ABOUT THIS EXERCISE:
Using the entries that follow, count the lines containing the word "move" and give that number by itself.

※

Lemma canon_hexagon a b c x0 x1 x2 x3 x4 x5 x6 :
  (2 <= a)%N -> (2 <= b)%N -> (2 <= c)%N -> (a + b + c = m + 4)%N ->
  canon F G H a b.-1 c.-1 x0 x1 -> canon G H F b.-1 c a.-1 x1 x2 ->
  canon H F G c a.-1 b.-1 x2 x3 -> canon F G H a.-1 b c.-1 x3 x4 ->
  canon G H F b c.-1 a.-1 x4 x5 -> canon H F G c.-1 a b.-1 x5 x6 ->
  F a (x6 + x0).
Proof.
case: a b c => [|[|a]] // [|[|b]] // [|[|c]] // _ _ _ habc /=.
move=> [l1 [hl1 l1x0 l1x1]] [l2 [hl2 l2x1 l2x2]] h23.
move=> [l4 [hl4 l4x3 l4x4]] h45 [l6 [hl6 l6x5 l6x6]].
have hgen' := generic_rot hgen; have hgen'' := generic_rot hgen'.
have sF := flag_subspace hF (i := a.+1) ltac:(lia).
have sG := flag_subspace hG (i := b.+1) ltac:(lia).
have sH := flag_subspace hH (i := c.+1) ltac:(lia).
have sF' := flag_subspace hF (i := a.+2) ltac:(lia).
have /tri_cap_rot hl2' := hl2; have /tri_cap_rot hl4' := hl4.
have l2x3 : F a.+1 (l2 - x3).
  by apply: (canon_rep _ _ _ _ hH hF hG hgen'' h23 hl2' l2x2) => //; lia.
have l4x5 : H c.+1 (l4 - x5).
  by apply: (canon_rep _ _ _ _ hG hH hF hgen' h45 hl4' l4x4) => //; lia.
have /tri_cap_rot hl2'' := hl2'; have /tri_cap_rot hl6' := hl6.
have l6E : l6 = - l1.
  apply: (hexagon_reps_opp _ hl1 hl6' hl2'' hl4); first lia.
  - exact: (subspace_sub_common sG l1x1 l2x1).
  - exact: (subspace_sub_common sF l4x3 l2x3).
  - exact: (subspace_sub_common sH l6x5 l4x5).
have -> : x6 + x0 = - ((l6 - x6) + (l1 - x0)).
  by rewrite l6E addrACA addNr add0r opprD !opprK.
by apply: (subspaceN sF'); apply: (subspaceD sF').
Qed.

End Canon.

Theorem lemma2p3 (R : unitRingType) (HR : skew_field R) (m : nat)
  (A B C : nat -> 'rV[R]_m -> Prop)
  (hA : is_flag A) (hB : is_flag B) (hC : is_flag C)
  (hgen : generic A B C) :
  (forall a b c : nat, (1 <= a)%N -> (1 <= b)%N -> (1 <= c)%N ->
     (a + b + c)%N = (m + 2)%N ->
     [/\ has_dim (tri_cap A B C a b c) 1,
         proj_gr_iso (tri_cap A B C a b c) A a,
         proj_gr_iso (tri_cap A B C a b c) B b &
         proj_gr_iso (tri_cap A B C a b c) C c]) /\
  (forall a b c : nat, (1 <= a)%N -> (1 <= b)%N -> (1 <= c)%N ->
     (a + b + c)%N = (m + 2)%N ->
     forall x y z w : 'rV[R]_m, A a.-1 x ->
       canon A B C a b c x y -> canon B C A b c a y z ->
       canon C A B c a b z w -> A a (w - x)) /\
  (forall a b c : nat, (2 <= a)%N -> (2 <= b)%N -> (2 <= c)%N ->
     (a + b + c)%N = (m + 4)%N ->
     forall x0 x1 x2 x3 x4 x5 x6 : 'rV[R]_m, A a.-1 x0 ->
       canon A B C a b.-1 c.-1 x0 x1 ->
       canon B C A b.-1 c a.-1 x1 x2 ->
       canon C A B c a.-1 b.-1 x2 x3 ->
       canon A B C a.-1 b c.-1 x3 x4 ->
       canon B C A b c.-1 a.-1 x4 x5 ->
       canon C A B c.-1 a b.-1 x5 x6 ->
       A a (x6 + x0)).
Proof.
have hgen' := generic_rot hgen; have hgen'' := generic_rot hgen'.
split; [|split].
- move=> a b c ha hb hc habc.
  have hbca : (b + c + a = m + 2)%N by lia.
  have hcab : (c + a + b = m + 2)%N by lia.
  split.
  + exact: tri_cap_dim1.
  + exact: tri_cap_proj_gr_iso.
  + apply: (proj_gr_iso_equiv _ _ (tri_cap_proj_gr_iso hb hc ha hbca hB hgen')).
      by move=> v /tri_cap_rot /tri_cap_rot.
    exact: tri_cap_rot.
  + apply: (proj_gr_iso_equiv _ _ (tri_cap_proj_gr_iso hc ha hb hcab hC hgen'')).
      exact: tri_cap_rot.
    by move=> v /tri_cap_rot /tri_cap_rot.
- by move=> a b c ha hb hc habc x y z w _; apply: canon_triangle.
- by move=> a b c ha hb hc habc x0 x1 x2 x3 x4 x5 x6 _; apply: canon_hexagon.
Qed.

※

TASK RESULT:
7